Problem details ▸ Within the material below, transcribe exactly the lines from the one holding "Theorem harmonic_absorption s" through the one holding "apply: (squeeze_cvgr _", keeping both ends and skipping the rest.

Records supplied ▸
*-*-*

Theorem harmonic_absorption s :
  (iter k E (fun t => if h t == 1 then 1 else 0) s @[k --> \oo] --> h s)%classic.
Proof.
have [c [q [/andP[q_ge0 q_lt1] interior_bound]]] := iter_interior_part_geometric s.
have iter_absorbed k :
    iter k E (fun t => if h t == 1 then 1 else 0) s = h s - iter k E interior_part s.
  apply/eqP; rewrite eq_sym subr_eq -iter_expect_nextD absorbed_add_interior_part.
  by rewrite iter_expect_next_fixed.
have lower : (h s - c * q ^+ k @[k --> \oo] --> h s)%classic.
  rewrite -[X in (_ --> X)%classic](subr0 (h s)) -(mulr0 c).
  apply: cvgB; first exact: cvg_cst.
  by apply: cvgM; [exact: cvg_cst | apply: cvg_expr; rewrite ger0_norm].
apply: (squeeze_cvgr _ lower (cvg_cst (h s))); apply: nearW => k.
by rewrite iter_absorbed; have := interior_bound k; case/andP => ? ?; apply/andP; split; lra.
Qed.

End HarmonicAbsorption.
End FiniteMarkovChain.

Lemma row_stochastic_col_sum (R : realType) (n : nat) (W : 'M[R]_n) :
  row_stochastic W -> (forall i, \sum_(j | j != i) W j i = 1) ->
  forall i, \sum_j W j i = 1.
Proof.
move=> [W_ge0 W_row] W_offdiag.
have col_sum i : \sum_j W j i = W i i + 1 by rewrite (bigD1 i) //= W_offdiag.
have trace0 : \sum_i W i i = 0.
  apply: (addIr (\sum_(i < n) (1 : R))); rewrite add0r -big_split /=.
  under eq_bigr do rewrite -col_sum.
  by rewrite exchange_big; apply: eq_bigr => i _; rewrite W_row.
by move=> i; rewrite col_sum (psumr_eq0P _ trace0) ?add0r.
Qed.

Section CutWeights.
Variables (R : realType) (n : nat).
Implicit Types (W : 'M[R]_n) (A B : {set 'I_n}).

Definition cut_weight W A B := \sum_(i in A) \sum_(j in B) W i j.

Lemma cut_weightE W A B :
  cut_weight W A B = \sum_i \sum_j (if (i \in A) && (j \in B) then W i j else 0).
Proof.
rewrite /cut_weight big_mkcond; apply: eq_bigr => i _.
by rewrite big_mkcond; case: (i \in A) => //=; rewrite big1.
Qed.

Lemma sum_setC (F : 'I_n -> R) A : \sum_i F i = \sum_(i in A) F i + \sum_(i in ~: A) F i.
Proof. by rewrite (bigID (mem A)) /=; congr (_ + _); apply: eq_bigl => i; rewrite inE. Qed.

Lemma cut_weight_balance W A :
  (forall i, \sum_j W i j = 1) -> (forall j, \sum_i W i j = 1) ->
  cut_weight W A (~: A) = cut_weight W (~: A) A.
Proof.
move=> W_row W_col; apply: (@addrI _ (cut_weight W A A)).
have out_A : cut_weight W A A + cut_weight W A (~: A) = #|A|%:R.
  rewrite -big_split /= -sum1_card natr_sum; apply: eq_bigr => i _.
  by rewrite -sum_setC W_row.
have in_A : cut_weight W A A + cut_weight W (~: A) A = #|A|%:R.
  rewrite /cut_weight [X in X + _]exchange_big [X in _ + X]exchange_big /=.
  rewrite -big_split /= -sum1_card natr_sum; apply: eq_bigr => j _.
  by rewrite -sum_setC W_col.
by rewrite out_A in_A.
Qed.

*-*-*

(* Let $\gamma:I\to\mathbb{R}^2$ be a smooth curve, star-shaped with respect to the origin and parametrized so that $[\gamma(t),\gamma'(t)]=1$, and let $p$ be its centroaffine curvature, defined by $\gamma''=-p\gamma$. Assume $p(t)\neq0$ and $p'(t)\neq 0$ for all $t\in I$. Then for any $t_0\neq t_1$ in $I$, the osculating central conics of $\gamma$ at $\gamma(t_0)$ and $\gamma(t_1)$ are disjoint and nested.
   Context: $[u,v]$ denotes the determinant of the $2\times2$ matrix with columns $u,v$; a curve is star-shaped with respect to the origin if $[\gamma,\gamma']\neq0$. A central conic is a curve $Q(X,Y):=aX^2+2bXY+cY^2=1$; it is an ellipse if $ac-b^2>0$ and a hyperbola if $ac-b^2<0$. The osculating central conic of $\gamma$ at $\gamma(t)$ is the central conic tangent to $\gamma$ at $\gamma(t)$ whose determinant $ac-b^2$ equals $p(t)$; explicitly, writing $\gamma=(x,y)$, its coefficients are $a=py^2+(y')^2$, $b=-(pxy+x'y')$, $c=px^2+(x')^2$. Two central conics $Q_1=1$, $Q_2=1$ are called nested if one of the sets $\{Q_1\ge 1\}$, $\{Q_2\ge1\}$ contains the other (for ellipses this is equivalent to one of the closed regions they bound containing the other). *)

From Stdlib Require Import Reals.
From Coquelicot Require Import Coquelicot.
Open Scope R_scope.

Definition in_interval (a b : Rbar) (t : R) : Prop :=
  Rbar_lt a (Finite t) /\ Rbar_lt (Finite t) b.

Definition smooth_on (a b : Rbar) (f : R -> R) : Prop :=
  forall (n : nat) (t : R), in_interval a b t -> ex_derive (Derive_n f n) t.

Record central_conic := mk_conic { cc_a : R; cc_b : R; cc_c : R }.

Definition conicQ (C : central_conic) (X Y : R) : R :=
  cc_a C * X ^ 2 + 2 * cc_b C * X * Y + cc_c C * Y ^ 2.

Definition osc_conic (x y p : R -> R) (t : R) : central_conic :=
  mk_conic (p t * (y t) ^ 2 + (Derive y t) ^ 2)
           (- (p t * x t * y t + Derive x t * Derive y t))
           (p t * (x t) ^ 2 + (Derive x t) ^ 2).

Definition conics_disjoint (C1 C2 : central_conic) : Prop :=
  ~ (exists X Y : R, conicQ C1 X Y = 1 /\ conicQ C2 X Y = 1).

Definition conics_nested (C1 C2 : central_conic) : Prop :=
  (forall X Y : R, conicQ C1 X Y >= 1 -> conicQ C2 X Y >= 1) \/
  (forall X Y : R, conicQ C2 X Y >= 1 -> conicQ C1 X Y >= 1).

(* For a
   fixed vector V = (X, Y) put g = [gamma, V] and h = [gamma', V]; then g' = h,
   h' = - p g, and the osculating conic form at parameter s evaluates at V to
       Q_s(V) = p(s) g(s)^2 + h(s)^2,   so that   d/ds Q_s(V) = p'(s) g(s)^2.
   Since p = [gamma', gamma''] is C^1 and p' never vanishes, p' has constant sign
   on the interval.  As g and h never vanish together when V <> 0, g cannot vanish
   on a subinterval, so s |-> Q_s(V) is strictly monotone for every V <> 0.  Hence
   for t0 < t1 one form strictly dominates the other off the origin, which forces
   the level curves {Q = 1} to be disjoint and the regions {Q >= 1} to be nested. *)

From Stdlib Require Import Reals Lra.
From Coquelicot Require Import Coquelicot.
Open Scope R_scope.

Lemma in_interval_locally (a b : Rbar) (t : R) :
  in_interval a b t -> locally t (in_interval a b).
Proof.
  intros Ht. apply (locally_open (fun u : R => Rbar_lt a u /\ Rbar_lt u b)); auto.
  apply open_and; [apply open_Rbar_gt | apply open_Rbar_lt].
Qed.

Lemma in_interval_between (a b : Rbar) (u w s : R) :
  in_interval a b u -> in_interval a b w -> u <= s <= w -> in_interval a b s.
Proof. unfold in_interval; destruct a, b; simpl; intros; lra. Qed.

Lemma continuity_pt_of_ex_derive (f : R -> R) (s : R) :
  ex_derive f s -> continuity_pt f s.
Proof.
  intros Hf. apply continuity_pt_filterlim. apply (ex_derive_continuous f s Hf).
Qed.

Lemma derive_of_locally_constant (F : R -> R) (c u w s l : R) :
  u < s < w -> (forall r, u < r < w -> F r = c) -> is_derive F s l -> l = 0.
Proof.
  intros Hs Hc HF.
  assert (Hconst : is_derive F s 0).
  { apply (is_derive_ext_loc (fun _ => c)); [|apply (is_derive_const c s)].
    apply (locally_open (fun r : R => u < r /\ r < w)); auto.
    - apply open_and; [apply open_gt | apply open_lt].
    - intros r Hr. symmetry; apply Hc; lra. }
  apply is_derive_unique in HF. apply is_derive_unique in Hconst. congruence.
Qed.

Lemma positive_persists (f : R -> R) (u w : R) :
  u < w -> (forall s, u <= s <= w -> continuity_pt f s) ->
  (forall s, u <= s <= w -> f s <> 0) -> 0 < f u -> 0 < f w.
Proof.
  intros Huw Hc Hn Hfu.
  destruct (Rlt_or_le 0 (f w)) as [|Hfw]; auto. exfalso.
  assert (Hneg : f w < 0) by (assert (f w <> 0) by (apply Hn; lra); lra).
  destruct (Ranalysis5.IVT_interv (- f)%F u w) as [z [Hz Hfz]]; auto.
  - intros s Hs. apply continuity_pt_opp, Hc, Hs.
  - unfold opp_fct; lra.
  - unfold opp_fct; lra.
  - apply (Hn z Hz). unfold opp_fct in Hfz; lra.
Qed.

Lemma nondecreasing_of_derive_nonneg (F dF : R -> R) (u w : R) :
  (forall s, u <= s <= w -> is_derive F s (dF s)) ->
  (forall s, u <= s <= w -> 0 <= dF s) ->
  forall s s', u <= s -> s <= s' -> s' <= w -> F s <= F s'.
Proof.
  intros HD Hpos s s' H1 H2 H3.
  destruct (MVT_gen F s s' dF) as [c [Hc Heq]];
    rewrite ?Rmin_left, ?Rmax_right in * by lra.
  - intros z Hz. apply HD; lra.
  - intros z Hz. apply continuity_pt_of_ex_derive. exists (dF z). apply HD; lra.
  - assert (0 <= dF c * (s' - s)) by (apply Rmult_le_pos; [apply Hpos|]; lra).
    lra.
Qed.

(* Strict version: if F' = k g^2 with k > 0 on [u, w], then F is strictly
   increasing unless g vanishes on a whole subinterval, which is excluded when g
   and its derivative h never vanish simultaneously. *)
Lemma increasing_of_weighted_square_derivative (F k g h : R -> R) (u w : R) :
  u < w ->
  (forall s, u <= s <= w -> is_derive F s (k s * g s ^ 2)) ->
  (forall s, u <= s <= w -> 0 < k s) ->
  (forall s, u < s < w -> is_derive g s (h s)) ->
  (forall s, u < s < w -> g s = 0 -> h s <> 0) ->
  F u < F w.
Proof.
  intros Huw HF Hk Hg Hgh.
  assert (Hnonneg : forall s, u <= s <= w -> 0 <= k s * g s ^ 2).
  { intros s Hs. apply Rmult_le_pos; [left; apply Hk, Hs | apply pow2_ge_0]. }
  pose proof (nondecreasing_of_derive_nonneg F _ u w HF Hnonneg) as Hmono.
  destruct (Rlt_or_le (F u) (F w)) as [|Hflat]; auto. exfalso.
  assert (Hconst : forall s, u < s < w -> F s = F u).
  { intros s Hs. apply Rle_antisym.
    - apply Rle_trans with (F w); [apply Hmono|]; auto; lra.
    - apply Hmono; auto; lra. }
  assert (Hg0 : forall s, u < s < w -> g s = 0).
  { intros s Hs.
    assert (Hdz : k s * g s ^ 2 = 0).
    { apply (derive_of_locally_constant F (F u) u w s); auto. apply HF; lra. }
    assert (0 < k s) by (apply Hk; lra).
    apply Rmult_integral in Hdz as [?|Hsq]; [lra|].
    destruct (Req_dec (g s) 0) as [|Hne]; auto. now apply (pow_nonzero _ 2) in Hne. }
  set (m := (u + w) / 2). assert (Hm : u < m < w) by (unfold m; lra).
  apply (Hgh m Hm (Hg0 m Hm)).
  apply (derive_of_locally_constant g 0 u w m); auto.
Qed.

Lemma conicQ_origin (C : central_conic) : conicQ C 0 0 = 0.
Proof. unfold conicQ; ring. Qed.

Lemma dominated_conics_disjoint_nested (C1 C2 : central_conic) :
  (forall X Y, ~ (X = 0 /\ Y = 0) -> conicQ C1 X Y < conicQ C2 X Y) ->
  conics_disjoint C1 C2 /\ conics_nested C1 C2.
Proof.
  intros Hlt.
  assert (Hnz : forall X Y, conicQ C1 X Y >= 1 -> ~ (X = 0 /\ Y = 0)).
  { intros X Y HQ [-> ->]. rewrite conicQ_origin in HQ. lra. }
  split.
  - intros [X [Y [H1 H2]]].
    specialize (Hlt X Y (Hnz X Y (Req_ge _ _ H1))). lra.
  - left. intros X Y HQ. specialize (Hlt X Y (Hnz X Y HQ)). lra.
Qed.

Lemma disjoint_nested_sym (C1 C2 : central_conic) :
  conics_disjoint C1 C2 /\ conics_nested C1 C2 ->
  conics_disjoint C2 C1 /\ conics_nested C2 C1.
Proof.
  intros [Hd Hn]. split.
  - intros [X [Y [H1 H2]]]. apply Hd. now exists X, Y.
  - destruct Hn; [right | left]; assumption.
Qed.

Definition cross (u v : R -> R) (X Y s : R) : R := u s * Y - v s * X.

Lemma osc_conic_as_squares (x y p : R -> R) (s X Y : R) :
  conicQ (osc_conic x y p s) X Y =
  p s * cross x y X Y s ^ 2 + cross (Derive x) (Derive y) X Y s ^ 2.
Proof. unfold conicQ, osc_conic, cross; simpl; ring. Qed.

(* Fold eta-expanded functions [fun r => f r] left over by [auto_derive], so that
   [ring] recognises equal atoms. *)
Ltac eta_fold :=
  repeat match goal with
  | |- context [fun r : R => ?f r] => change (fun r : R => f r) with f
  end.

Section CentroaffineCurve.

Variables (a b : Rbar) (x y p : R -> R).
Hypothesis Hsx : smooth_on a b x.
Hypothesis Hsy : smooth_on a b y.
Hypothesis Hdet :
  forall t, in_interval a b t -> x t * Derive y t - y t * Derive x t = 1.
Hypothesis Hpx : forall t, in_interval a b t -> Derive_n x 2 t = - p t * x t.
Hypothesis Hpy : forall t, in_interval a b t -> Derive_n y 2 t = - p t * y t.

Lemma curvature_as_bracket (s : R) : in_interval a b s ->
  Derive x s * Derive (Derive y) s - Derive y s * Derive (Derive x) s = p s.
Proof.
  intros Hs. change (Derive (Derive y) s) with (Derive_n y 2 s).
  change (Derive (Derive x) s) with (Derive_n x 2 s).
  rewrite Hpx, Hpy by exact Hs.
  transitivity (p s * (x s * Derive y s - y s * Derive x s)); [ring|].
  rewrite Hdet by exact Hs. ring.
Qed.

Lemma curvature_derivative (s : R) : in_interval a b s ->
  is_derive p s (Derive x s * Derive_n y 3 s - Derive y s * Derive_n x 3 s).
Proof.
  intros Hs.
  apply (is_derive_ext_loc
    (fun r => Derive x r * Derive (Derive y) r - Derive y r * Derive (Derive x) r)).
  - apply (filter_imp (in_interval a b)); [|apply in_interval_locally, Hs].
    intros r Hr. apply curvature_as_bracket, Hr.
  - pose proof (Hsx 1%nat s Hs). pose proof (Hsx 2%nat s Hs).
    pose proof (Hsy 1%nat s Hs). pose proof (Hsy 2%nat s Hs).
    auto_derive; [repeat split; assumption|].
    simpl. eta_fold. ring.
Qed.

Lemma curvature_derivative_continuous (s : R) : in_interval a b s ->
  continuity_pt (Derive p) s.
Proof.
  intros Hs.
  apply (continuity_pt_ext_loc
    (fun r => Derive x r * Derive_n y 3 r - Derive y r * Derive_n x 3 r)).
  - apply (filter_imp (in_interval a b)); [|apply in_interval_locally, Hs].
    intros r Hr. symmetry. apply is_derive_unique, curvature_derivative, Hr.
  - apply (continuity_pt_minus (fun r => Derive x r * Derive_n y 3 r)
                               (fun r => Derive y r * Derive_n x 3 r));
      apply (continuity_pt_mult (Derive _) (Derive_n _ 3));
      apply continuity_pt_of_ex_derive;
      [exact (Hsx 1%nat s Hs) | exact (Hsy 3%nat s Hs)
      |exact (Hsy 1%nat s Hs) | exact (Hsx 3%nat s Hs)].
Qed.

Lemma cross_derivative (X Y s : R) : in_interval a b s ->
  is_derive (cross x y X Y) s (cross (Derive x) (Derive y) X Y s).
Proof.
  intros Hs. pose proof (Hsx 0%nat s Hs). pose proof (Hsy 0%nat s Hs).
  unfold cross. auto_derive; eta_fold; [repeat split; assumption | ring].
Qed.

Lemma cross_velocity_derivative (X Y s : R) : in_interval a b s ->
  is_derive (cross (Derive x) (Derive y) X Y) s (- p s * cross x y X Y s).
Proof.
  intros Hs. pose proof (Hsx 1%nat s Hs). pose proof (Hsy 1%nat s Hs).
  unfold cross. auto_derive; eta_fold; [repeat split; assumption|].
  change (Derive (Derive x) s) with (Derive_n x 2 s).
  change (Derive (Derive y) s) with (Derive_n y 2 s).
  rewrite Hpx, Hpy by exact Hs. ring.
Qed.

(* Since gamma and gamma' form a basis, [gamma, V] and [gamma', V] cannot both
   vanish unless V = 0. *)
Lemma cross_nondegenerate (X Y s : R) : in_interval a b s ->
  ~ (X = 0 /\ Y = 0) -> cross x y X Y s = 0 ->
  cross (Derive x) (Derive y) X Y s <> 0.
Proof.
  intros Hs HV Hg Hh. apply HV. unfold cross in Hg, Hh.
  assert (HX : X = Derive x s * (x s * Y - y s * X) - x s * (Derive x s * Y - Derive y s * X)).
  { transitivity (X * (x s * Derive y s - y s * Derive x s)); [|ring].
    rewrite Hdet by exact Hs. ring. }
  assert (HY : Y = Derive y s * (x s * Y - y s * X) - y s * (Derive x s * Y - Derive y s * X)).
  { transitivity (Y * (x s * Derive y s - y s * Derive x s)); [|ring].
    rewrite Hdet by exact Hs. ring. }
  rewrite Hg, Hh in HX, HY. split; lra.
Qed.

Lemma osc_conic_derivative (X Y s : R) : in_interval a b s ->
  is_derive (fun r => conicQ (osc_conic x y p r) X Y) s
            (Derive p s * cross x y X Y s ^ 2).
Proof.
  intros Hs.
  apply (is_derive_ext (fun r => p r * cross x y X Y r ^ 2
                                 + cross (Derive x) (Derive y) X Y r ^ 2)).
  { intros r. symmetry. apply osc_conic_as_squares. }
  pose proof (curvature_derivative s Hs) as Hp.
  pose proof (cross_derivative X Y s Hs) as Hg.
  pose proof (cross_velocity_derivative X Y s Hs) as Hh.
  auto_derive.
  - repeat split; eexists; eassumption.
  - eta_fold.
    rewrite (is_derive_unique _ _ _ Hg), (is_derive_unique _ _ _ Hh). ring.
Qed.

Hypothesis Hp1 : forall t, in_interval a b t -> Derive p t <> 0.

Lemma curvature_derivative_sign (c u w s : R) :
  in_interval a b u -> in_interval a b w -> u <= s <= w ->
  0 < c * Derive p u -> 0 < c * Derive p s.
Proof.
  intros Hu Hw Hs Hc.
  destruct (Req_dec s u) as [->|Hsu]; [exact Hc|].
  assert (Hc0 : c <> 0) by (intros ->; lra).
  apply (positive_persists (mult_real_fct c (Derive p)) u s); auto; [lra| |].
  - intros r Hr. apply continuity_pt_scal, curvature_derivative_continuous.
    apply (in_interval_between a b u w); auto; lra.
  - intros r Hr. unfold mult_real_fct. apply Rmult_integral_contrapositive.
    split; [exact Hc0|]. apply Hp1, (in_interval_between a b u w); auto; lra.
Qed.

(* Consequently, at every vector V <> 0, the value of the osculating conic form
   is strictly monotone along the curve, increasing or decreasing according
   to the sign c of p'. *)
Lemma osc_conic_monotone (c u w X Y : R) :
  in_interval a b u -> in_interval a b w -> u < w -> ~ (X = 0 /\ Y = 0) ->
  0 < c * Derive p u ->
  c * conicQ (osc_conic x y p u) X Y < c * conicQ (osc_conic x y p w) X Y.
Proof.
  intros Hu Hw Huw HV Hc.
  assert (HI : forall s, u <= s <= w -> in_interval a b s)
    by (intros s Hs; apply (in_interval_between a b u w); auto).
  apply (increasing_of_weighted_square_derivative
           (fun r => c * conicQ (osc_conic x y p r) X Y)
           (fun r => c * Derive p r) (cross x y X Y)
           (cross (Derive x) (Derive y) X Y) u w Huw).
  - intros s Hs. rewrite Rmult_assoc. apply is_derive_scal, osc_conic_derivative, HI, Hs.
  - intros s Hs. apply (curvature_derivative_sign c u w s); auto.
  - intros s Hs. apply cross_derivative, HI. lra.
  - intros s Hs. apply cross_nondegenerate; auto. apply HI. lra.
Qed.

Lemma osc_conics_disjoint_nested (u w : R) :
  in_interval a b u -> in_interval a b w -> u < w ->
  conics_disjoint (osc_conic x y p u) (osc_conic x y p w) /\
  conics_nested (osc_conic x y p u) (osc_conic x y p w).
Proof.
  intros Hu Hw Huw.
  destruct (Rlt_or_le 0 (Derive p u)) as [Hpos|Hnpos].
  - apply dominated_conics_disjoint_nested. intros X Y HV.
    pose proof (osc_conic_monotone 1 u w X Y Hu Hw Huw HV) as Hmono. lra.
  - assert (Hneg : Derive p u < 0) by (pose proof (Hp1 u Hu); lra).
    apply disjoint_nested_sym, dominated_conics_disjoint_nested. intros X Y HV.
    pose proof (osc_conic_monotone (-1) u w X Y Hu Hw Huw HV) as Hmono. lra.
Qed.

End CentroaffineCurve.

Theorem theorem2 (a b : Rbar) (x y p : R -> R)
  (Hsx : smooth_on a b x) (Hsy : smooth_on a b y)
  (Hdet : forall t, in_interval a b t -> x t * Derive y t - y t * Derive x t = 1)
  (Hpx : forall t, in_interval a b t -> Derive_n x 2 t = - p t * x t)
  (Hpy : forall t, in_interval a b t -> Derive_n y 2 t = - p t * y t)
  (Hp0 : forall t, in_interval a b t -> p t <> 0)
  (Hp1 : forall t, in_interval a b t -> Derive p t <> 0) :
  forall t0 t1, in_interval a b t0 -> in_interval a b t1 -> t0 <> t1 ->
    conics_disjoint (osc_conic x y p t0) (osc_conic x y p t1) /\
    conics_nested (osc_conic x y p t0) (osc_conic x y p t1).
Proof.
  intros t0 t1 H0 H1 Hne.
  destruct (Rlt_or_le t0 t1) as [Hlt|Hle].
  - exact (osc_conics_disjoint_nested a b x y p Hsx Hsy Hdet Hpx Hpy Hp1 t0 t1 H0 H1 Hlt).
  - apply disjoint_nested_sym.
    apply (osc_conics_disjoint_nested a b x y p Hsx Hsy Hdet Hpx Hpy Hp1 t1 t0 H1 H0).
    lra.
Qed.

*-*-*

Reply ▸
Theorem harmonic_absorption s :
  (iter k E (fun t => if h t == 1 then 1 else 0) s @[k --> \oo] --> h s)%classic.
Proof.
have [c [q [/andP[q_ge0 q_lt1] interior_bound]]] := iter_interior_part_geometric s.
have iter_absorbed k :
    iter k E (fun t => if h t == 1 then 1 else 0) s = h s - iter k E interior_part s.
  apply/eqP; rewrite eq_sym subr_eq -iter_expect_nextD absorbed_add_interior_part.
  by rewrite iter_expect_next_fixed.
have lower : (h s - c * q ^+ k @[k --> \oo] --> h s)%classic.
  rewrite -[X in (_ --> X)%classic](subr0 (h s)) -(mulr0 c).
  apply: cvgB; first exact: cvg_cst.
  by apply: cvgM; [exact: cvg_cst | apply: cvg_expr; rewrite ger0_norm].
apply: (squeeze_cvgr _ lower (cvg_cst (h s))); apply: nearW => k.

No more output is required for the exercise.